As part of her own personal and professional mission to help prevent similar discrepancies from occurring in the future, Long indicated she has taken two recent meetings with insurance commissioners, and that Symbiont is preparing to reveal a related project, adding:
“This is very much personally, philosophically, a problem that I would like to fix.”
While Symbiont and the State of Delaware prepare their own solution, Overstock’s is already live. But traction, so far, is far from promising.
Three months after Overstock kicked off the era of blockchain-traded stocks by raising $10.9m with a stock issuance on Medici’s tØ platform, not a single other company has followed suit.
Because the transactions are logged on a public blockchain, we can see that a particularly busy day in February saw a meager eight transactions processed.
Considering that fewer shares were offered on the blockchain when compared to those offered on Nasdaq, Medici president Jonathan Johnson said the volume is “about the level we expected.”
But he’s not shy about why he thinks the transition might be slow going. “Those that figure out how to make bad things happen, whether they’re illegal, or legal — titularly legal — they like confusion and dark places.”

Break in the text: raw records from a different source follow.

Lemma gterm_wstar_le md M Cinv Binv om t :
  (forall j, (1 <= j < npts md)%nat -> 0 < hstep md j) ->
  symmetric (dim md) Cinv -> is_inverse (dim md) (Bmat md) Binv -> unbiased md M om ->
  gterm md M Cinv (wstar md M Binv) t <= gterm md M Cinv om t.
Proof.
  intros Hh HC HB Hom. rewrite !gterm_decomp by assumption. apply Rplus_le_compat_l.
  set (v := tmvec (dim md) Cinv (fvec md t)).
  set (c := tmvec (dim md) Binv (tmvec (dim md) M v)).
  assert (cross : forall z, unbiased md M z ->
    sumR (npts md - 1) (fun j => hstep md (1 + j) * dot (dim md) v (z (1 + j)%nat)
                                   * dot (dim md) v (wstar md M Binv (1 + j)))
    = sumR (dim md) (fun s => sumR (dim md) (fun q => v s * M s q * c q))).
  { intros z Hz. rewrite <- (unbiased_cross md M z v c Hz). apply sumR_ext; intros.
    unfold c. rewrite <- hstep_dot_wstar by (specialize (Hh (1 + i)%nat ltac:(lia)); lra).
    ring. }
  unfold sumRange. apply weighted_sq_le.
  - intros. left. apply Hh. lia.
  - rewrite cross by assumption. symmetry. apply cross, wstar_unbiased, HB.
Qed.

Lemma rpow_le_compat x y p : 0 < p -> x <= y -> rpow x p <= rpow y p.
Proof.
  intros Hp Hxy. unfold rpow. destruct (Rlt_dec 0 x), (Rlt_dec 0 y).
  - apply Rle_Rpower_l; lra.
  - lra.
  - left; apply exp_pos.
  - lra.
Qed.

Theorem theorem4p1 (a b : R) (md1 md2 : model)
  (M1 M2 C1inv C2inv B1inv B2inv : mat) :
  0 < a -> a < b ->
  model_ok a b md1 -> model_ok a b md2 ->
  is_Mmat a b md1 M1 -> is_Mmat a b md2 M2 ->
  is_inverse (dim md1) (Cmat a md1 M1) C1inv ->
  is_inverse (dim md2) (Cmat a md2 M2) C2inv ->
  is_inverse (dim md1) (Bmat md1) B1inv ->
  is_inverse (dim md2) (Bmat md2) B2inv ->
  let w1 := wstar md1 M1 B1inv in
  let w2 := wstar md2 M2 B2inv in
  let g := gn md1 md2 M1 M2 C1inv C2inv in
  unbiased md1 M1 w1 /\ unbiased md2 M2 w2 /\
  (forall om1 om2 : nat -> vec,
     unbiased md1 M1 om1 -> unbiased md2 M2 om2 ->
     (forall p : R, 1 <= p ->
        forall (pr1 : Riemann_integrable (fun t => rpow (g w1 w2 t) p) a b)
               (pr2 : Riemann_integrable (fun t => rpow (g om1 om2 t) p) a b),
          rpow (RiemannInt pr1) (1 / p) <= rpow (RiemannInt pr2) (1 / p)) /\
     (forall s1 s2 : R,
        is_lub (fun y => exists t, a <= t <= b /\ y = g w1 w2 t) s1 ->
        is_lub (fun y => exists t, a <= t <= b /\ y = g om1 om2 t) s2 ->
        s1 <= s2)).
Proof.
  intros _ Hab Ok1 Ok2 HM1 HM2 HC1 HC2 HB1 HB2 w1 w2 g.
  split; [now apply wstar_unbiased|]. split; [now apply wstar_unbiased|].
  intros om1 om2 U1 U2.
  assert (Hpointwise : forall t, g w1 w2 t <= g om1 om2 t).
  { intros t. apply Rplus_le_compat; apply gterm_wstar_le; try assumption.
    - intros; now apply (hstep_pos a b).
    - now apply (Cinv_symmetric a b md1 M1).
    - intros; now apply (hstep_pos a b).
    - now apply (Cinv_symmetric a b md2 M2). }
  split.
  - intros p Hp pr1 pr2. apply rpow_le_compat.
    + apply Rdiv_lt_0_compat; lra.
    + apply RiemannInt_P19; [lra|]. intros x _. apply rpow_le_compat; [lra | apply Hpointwise].
  - intros s1 s2 [_ Hleast1] [Hub2 _]. apply Hleast1. intros y [t [Ht ->]].
    eapply Rle_trans; [apply Hpointwise | apply Hub2]. now exists t.
Qed.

Johnson called the official explanation of why the extra Dole shares existed “fishy”, and added that, if not for the legal dispute, the discrepancy would likely have continued to be exploited.
“People that had been acting nefariously in manipulating the stock, didn’t expect the sunshine of this class action suit and settlement to be put on it,” said Johnson.
“And when the lights came on, they were caught with their pants down.”
Since Patrick Byrne first announced his intentions to build the tØ blockchain solution, however, a lot has changed.
In addition to parting ways with members of Counterparty (the team that later spawned Symbiont), the same kind of financial infrastructure providers that generated Overstock’s ire have become leaders in the space.
In particular, the DTCC, which emerged in the early 1970s to help solve the paper crisis around the increase of stock trading frequency, has proved it is still interested in evolving, and in January, announced it would move records for $11tn-worth of derivatives to a blockchain.
Similarly, US stock exchange Nasdaq and the Australian Securities Exchange (ASX) are both also in advanced stages of their own blockchain efforts, just to name few.
However, when Johnson read the Dole decision last month, he told CoinDesk it was a “clarion alarm bell” alerting him to a renewed sense of urgency.
“We kind of feel like Jonas Salk,” said Johnson. “We’ve injected ourselves with the polio vaccine and it worked. Bad things did not happen.”
He concluded:
“Now, the key is getting others to see the benefits of that polio vaccine. It doesn’t have a downside, and once there’s greater adoption, then I think it becomes easier and easier for more people to join.”